--- EXERCISE DATA Enclosed Below ---

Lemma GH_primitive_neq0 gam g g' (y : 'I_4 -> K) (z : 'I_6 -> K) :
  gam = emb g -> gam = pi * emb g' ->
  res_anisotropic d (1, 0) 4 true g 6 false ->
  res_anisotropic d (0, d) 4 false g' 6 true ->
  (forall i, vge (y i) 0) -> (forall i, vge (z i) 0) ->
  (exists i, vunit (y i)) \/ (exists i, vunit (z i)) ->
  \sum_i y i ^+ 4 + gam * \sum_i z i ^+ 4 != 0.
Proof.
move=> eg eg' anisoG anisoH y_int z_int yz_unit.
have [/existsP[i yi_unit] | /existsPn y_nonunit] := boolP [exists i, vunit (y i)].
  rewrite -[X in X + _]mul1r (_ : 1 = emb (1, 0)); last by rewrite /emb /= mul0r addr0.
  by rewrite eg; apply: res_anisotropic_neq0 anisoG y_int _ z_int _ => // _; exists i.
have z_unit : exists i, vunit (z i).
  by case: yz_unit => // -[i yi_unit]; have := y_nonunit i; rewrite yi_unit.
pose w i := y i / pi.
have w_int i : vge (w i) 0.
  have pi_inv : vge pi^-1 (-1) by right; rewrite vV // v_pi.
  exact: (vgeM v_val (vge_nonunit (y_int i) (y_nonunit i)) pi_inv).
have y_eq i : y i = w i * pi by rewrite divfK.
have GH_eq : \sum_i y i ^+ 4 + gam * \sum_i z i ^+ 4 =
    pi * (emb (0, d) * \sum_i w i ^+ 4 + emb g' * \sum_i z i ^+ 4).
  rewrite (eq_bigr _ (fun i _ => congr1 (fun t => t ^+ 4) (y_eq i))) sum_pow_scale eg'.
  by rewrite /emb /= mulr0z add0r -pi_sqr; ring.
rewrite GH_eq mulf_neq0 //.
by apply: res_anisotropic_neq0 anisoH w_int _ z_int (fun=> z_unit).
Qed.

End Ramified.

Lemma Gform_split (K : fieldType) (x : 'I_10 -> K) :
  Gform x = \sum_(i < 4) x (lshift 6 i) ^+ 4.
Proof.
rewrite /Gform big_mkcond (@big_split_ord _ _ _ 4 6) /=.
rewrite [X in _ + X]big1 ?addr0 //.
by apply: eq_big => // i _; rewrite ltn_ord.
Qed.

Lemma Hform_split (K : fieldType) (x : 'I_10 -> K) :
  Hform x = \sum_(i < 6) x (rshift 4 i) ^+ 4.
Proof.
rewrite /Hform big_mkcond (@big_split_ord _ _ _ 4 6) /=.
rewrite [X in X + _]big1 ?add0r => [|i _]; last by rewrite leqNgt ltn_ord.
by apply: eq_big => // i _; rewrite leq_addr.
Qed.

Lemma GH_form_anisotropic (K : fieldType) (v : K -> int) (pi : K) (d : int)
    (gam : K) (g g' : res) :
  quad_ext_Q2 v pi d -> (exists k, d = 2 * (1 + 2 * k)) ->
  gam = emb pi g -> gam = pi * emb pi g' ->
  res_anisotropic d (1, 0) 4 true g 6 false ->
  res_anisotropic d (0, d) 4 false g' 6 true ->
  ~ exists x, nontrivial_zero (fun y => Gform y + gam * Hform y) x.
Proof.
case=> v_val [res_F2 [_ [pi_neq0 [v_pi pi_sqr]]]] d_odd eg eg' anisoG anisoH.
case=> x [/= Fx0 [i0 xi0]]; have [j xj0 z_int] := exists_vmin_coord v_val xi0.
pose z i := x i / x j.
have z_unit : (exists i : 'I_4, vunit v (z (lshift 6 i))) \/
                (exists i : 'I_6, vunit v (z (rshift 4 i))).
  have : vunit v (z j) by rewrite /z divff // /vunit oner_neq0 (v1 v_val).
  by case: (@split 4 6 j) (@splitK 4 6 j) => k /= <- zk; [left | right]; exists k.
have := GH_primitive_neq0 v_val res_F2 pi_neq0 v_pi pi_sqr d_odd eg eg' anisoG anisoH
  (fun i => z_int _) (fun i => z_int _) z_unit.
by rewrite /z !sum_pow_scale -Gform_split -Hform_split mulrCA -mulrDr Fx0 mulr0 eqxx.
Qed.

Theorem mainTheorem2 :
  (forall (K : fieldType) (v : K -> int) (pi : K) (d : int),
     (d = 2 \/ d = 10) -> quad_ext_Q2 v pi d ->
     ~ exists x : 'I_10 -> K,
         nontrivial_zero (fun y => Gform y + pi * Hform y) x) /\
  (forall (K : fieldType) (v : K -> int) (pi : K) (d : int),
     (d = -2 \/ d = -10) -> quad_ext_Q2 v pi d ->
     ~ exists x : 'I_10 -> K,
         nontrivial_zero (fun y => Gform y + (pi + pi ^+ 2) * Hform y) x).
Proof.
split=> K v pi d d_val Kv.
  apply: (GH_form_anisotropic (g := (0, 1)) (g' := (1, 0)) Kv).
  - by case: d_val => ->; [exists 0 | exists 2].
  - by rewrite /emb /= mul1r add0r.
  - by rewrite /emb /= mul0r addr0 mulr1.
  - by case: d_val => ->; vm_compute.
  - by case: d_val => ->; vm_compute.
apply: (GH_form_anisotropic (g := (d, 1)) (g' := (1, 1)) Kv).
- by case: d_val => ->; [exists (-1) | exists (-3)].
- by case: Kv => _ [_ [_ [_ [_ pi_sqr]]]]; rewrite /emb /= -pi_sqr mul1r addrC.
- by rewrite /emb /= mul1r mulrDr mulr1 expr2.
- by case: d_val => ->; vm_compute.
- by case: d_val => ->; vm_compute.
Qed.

--- End of Enclosed EXERCISE DATA ---
--- EXERCISE DATA Enclosed Below ---

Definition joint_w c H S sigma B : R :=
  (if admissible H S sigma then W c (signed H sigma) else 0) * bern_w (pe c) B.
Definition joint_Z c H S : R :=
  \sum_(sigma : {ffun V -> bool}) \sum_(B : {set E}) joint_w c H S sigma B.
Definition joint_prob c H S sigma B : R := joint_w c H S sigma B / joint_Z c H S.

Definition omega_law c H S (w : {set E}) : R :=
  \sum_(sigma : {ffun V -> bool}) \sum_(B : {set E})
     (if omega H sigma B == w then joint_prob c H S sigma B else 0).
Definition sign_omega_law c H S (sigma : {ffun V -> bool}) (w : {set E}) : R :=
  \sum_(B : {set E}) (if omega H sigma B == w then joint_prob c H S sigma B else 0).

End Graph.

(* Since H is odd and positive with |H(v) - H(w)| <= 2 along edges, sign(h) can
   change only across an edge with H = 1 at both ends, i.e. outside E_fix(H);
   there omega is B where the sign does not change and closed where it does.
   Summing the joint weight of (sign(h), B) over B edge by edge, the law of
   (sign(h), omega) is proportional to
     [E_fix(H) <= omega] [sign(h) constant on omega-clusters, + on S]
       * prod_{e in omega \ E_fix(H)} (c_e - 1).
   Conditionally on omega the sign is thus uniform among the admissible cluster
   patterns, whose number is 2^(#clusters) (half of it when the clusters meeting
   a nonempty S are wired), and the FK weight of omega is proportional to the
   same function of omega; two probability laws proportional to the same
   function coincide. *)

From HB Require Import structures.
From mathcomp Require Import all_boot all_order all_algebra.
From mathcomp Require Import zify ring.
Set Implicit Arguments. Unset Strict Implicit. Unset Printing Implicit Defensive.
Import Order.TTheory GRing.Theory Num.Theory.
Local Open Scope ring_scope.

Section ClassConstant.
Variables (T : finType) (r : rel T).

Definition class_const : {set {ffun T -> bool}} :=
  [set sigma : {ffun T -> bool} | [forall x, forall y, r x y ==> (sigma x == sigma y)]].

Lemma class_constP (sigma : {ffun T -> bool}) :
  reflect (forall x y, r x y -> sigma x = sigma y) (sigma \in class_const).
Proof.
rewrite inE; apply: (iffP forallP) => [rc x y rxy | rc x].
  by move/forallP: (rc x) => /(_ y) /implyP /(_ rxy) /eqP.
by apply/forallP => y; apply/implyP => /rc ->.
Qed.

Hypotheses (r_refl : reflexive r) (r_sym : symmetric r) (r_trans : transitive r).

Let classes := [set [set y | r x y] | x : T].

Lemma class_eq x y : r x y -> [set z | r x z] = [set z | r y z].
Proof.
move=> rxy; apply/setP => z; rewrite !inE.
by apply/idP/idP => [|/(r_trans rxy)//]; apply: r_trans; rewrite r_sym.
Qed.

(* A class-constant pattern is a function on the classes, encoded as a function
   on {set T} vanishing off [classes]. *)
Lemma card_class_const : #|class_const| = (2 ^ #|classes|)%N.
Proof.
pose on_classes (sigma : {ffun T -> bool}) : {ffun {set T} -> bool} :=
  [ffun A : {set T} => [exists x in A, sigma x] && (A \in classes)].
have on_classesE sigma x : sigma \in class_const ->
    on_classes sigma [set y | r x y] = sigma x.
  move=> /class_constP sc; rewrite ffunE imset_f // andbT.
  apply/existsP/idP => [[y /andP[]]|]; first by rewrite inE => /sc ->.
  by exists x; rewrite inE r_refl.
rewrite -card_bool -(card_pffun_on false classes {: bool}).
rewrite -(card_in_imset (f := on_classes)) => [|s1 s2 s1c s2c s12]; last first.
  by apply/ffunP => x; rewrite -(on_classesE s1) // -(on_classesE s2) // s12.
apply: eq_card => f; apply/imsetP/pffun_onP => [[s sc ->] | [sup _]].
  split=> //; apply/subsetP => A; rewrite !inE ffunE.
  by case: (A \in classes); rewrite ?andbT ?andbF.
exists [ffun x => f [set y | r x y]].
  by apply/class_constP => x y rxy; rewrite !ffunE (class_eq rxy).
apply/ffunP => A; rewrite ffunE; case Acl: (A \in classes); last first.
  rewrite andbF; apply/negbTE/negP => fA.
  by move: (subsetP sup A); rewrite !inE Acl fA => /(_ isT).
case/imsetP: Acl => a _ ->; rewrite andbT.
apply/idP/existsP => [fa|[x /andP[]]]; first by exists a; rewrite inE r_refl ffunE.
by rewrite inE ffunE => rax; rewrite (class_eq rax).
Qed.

--- End of Enclosed EXERCISE DATA ---
--- EXERCISE DATA Enclosed Below ---

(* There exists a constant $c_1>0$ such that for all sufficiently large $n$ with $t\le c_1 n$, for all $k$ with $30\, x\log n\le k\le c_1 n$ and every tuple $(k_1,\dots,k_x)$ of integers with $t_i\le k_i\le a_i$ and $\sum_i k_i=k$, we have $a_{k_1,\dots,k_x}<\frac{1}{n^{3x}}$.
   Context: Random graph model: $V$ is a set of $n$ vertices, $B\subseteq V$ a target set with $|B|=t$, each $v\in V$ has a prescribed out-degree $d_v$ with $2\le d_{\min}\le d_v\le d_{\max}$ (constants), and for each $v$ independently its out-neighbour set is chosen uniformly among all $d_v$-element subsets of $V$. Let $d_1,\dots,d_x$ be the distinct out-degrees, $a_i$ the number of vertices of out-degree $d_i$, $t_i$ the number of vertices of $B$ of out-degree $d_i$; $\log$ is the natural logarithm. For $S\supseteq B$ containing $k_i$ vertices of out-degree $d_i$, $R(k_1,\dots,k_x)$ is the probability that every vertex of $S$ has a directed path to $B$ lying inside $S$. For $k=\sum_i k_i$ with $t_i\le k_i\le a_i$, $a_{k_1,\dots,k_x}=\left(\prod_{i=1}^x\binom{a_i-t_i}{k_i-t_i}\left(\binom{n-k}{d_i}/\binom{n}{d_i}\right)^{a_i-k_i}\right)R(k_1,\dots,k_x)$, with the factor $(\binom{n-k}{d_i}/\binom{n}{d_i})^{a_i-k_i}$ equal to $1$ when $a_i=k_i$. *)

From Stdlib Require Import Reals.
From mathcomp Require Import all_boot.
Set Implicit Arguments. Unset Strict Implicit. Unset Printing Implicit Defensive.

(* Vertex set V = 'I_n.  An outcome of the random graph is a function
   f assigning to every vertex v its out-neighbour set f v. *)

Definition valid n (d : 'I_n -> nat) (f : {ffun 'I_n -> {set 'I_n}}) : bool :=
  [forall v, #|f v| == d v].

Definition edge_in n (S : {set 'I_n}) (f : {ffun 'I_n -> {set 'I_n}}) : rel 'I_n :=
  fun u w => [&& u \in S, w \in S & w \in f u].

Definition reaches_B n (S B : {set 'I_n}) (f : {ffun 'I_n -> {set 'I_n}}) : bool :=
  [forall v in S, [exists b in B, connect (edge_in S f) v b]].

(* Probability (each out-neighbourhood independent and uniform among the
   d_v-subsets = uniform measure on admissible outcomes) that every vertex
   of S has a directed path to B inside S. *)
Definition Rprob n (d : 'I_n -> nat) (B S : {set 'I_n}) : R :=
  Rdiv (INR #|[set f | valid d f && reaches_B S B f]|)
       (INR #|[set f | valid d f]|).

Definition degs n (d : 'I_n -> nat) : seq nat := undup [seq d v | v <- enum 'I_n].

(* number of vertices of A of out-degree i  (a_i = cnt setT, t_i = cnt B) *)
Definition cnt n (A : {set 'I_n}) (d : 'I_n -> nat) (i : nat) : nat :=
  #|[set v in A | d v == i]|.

--- End of Enclosed EXERCISE DATA ---

**EXERCISE GOAL**
Give an exact copy of the lines above from the line with "[forall v, #|f v| == d v]." up to and including the line with "Definition reaches_B n", and leave everything else out.

**TASK RESULT**
  [forall v, #|f v| == d v].

Definition edge_in n (S : {set 'I_n}) (f : {ffun 'I_n -> {set 'I_n}}) : rel 'I_n :=
  fun u w => [&& u \in S, w \in S & w \in f u].

Definition reaches_B n (S B : {set 'I_n}) (f : {ffun 'I_n -> {set 'I_n}}) : bool :=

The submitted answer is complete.